■ **What this task involves**
Using the material below, return exactly the lines between the one holding "Definition Cdiv (z" and the one holding "(* phi is a", inclusive, and no others.

*** Begin section ***

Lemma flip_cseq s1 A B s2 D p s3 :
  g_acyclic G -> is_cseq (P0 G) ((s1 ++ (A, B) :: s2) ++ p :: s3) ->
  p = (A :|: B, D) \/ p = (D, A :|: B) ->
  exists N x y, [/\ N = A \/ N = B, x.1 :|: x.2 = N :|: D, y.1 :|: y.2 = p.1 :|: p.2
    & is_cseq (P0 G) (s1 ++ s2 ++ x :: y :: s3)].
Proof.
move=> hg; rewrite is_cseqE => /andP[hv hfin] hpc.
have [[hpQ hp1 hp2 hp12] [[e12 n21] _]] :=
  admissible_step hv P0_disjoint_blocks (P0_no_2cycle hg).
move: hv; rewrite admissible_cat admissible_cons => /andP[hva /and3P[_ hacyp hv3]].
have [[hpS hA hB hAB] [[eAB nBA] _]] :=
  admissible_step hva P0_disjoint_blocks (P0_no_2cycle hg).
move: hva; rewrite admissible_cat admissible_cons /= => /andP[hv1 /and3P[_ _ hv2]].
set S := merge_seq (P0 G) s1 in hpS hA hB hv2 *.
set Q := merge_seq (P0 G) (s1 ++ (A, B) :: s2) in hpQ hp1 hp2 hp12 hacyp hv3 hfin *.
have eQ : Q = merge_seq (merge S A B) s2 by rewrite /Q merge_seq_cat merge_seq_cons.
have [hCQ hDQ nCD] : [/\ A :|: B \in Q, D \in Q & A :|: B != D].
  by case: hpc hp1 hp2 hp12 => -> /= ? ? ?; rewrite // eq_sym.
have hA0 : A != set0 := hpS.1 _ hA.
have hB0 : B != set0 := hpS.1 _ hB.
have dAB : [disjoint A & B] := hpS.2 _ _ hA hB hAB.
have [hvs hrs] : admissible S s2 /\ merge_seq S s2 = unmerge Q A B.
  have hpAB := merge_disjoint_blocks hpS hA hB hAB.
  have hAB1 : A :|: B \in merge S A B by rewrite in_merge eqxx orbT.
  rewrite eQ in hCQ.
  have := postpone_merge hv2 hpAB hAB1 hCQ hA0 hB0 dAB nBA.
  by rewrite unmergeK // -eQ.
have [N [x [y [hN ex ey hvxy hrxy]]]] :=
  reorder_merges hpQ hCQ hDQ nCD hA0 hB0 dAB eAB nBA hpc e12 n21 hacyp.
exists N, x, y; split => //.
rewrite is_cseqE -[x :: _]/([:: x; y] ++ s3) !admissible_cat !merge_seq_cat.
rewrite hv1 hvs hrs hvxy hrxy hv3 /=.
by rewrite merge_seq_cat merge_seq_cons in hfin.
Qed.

*** End section ***
*** Begin section ***

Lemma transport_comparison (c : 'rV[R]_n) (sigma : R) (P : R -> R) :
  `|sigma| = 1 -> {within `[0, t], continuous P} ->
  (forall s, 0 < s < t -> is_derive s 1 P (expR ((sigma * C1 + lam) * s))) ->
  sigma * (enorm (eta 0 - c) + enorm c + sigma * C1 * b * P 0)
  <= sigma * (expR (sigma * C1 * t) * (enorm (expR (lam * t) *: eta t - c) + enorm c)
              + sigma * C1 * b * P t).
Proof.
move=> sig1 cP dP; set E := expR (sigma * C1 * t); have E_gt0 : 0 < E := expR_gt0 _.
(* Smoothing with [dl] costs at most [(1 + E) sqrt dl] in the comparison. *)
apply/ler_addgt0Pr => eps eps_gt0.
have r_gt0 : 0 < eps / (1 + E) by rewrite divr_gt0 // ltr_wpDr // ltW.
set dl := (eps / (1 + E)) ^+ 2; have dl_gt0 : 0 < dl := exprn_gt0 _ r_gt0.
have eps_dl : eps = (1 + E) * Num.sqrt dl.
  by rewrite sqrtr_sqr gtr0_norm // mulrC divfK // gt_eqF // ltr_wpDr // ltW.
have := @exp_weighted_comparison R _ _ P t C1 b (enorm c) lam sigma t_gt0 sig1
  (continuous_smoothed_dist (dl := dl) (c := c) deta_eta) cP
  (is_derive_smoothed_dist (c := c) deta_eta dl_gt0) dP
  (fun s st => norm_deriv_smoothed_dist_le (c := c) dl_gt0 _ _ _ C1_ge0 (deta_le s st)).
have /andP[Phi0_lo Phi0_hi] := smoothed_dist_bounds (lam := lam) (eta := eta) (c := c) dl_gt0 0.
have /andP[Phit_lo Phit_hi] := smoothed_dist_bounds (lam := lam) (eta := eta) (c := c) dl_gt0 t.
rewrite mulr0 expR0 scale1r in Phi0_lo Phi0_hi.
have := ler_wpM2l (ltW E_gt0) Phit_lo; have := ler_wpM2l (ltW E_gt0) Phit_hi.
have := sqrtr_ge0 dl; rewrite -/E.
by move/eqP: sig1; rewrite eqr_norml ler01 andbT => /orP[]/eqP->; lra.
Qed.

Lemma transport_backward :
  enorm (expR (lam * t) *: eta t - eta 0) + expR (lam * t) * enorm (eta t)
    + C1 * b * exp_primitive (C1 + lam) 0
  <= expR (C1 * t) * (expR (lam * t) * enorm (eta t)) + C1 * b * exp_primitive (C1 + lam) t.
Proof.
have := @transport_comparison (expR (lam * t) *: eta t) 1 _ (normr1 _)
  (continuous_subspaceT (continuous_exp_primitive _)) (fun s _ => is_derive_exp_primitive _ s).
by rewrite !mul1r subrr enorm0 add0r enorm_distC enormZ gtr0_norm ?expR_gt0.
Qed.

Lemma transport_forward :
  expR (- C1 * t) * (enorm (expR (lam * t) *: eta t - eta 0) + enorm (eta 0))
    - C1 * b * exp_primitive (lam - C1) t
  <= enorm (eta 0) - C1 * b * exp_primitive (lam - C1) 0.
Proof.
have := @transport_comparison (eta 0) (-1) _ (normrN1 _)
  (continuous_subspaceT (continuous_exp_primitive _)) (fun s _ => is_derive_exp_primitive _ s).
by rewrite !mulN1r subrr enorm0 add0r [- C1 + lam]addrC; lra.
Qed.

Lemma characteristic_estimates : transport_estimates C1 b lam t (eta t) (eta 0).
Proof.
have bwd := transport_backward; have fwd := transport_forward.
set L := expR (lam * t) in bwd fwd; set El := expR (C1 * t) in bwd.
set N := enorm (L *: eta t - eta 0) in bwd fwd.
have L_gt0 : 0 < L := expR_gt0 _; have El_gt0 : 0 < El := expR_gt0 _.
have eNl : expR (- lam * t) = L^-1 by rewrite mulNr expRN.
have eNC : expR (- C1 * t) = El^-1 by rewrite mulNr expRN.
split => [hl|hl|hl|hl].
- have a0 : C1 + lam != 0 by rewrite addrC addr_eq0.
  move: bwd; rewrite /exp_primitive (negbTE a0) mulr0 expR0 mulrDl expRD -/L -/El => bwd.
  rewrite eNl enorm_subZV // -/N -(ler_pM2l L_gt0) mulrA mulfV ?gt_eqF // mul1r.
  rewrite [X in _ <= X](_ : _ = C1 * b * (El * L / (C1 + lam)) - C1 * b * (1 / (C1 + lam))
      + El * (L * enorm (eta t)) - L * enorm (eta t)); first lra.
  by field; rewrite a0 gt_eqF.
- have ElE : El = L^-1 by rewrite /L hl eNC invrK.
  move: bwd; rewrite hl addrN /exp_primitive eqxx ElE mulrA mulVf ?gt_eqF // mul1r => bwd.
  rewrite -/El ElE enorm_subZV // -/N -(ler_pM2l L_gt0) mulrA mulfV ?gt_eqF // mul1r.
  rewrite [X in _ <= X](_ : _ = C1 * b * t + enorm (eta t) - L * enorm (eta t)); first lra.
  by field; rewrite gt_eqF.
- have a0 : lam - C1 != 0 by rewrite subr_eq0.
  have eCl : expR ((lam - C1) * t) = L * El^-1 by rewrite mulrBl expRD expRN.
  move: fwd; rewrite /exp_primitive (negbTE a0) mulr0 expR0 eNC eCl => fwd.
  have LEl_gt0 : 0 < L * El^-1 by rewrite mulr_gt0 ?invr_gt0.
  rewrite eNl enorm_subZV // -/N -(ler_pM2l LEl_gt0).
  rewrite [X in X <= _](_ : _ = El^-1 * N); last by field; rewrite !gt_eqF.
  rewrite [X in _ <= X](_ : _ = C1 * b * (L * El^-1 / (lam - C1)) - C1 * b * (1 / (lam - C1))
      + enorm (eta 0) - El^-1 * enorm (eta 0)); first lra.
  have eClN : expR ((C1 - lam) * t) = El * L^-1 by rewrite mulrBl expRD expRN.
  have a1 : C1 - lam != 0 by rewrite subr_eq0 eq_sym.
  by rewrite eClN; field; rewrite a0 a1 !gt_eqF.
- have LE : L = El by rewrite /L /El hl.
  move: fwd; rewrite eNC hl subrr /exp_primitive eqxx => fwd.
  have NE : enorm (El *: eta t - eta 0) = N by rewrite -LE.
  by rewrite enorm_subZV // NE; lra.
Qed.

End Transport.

*** End section ***
*** Begin section ***

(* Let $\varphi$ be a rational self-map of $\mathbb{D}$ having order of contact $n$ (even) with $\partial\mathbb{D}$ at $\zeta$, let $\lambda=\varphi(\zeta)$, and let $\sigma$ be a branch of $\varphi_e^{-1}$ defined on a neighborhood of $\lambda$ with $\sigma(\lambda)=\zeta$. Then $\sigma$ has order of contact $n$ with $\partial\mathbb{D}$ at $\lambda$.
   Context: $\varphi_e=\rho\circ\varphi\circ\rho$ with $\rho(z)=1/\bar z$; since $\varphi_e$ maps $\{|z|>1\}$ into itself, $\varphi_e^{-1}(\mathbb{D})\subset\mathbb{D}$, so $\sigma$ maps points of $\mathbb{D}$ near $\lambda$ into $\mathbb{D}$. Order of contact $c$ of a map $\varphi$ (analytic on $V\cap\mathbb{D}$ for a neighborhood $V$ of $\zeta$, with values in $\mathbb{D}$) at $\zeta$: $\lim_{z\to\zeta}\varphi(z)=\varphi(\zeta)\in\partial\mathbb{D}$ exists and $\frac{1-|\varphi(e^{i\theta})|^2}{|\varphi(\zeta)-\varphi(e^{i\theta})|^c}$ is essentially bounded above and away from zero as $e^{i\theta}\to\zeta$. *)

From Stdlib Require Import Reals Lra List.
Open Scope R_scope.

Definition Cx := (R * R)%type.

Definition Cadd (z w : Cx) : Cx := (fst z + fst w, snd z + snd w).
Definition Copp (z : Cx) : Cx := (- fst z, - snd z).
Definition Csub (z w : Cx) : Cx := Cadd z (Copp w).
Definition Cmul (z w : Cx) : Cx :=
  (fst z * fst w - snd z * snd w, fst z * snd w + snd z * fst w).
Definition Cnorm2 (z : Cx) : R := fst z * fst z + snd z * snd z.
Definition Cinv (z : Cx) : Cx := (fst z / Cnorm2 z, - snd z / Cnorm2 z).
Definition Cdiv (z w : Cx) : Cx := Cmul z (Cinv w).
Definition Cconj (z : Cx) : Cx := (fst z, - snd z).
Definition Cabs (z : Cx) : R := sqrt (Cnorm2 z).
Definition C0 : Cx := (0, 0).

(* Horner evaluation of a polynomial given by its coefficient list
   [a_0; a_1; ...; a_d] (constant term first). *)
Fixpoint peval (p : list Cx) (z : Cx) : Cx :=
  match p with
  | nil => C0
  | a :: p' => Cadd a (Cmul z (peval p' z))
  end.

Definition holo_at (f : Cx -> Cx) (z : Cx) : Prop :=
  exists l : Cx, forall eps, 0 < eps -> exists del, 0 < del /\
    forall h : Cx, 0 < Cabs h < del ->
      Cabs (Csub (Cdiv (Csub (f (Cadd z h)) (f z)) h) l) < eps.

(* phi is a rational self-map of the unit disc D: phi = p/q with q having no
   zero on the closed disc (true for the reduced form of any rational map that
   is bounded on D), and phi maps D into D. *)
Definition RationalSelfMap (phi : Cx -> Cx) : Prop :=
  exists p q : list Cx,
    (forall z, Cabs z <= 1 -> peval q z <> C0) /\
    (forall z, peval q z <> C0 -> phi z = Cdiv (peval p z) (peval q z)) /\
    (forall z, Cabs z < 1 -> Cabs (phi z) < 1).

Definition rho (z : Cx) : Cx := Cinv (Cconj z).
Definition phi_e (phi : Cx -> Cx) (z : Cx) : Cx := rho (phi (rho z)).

*** End section ***

■ **Completed exercise**
Definition Cdiv (z w : Cx) : Cx := Cmul z (Cinv w).
Definition Cconj (z : Cx) : Cx := (fst z, - snd z).
Definition Cabs (z : Cx) : R := sqrt (Cnorm2 z).
Definition C0 : Cx := (0, 0).

(* Horner evaluation of a polynomial given by its coefficient list
   [a_0; a_1; ...; a_d] (constant term first). *)
Fixpoint peval (p : list Cx) (z : Cx) : Cx :=
  match p with
  | nil => C0
  | a :: p' => Cadd a (Cmul z (peval p' z))
  end.

Definition holo_at (f : Cx -> Cx) (z : Cx) : Prop :=
  exists l : Cx, forall eps, 0 < eps -> exists del, 0 < del /\
    forall h : Cx, 0 < Cabs h < del ->
      Cabs (Csub (Cdiv (Csub (f (Cadd z h)) (f z)) h) l) < eps.

(* phi is a rational self-map of the unit disc D: phi = p/q with q having no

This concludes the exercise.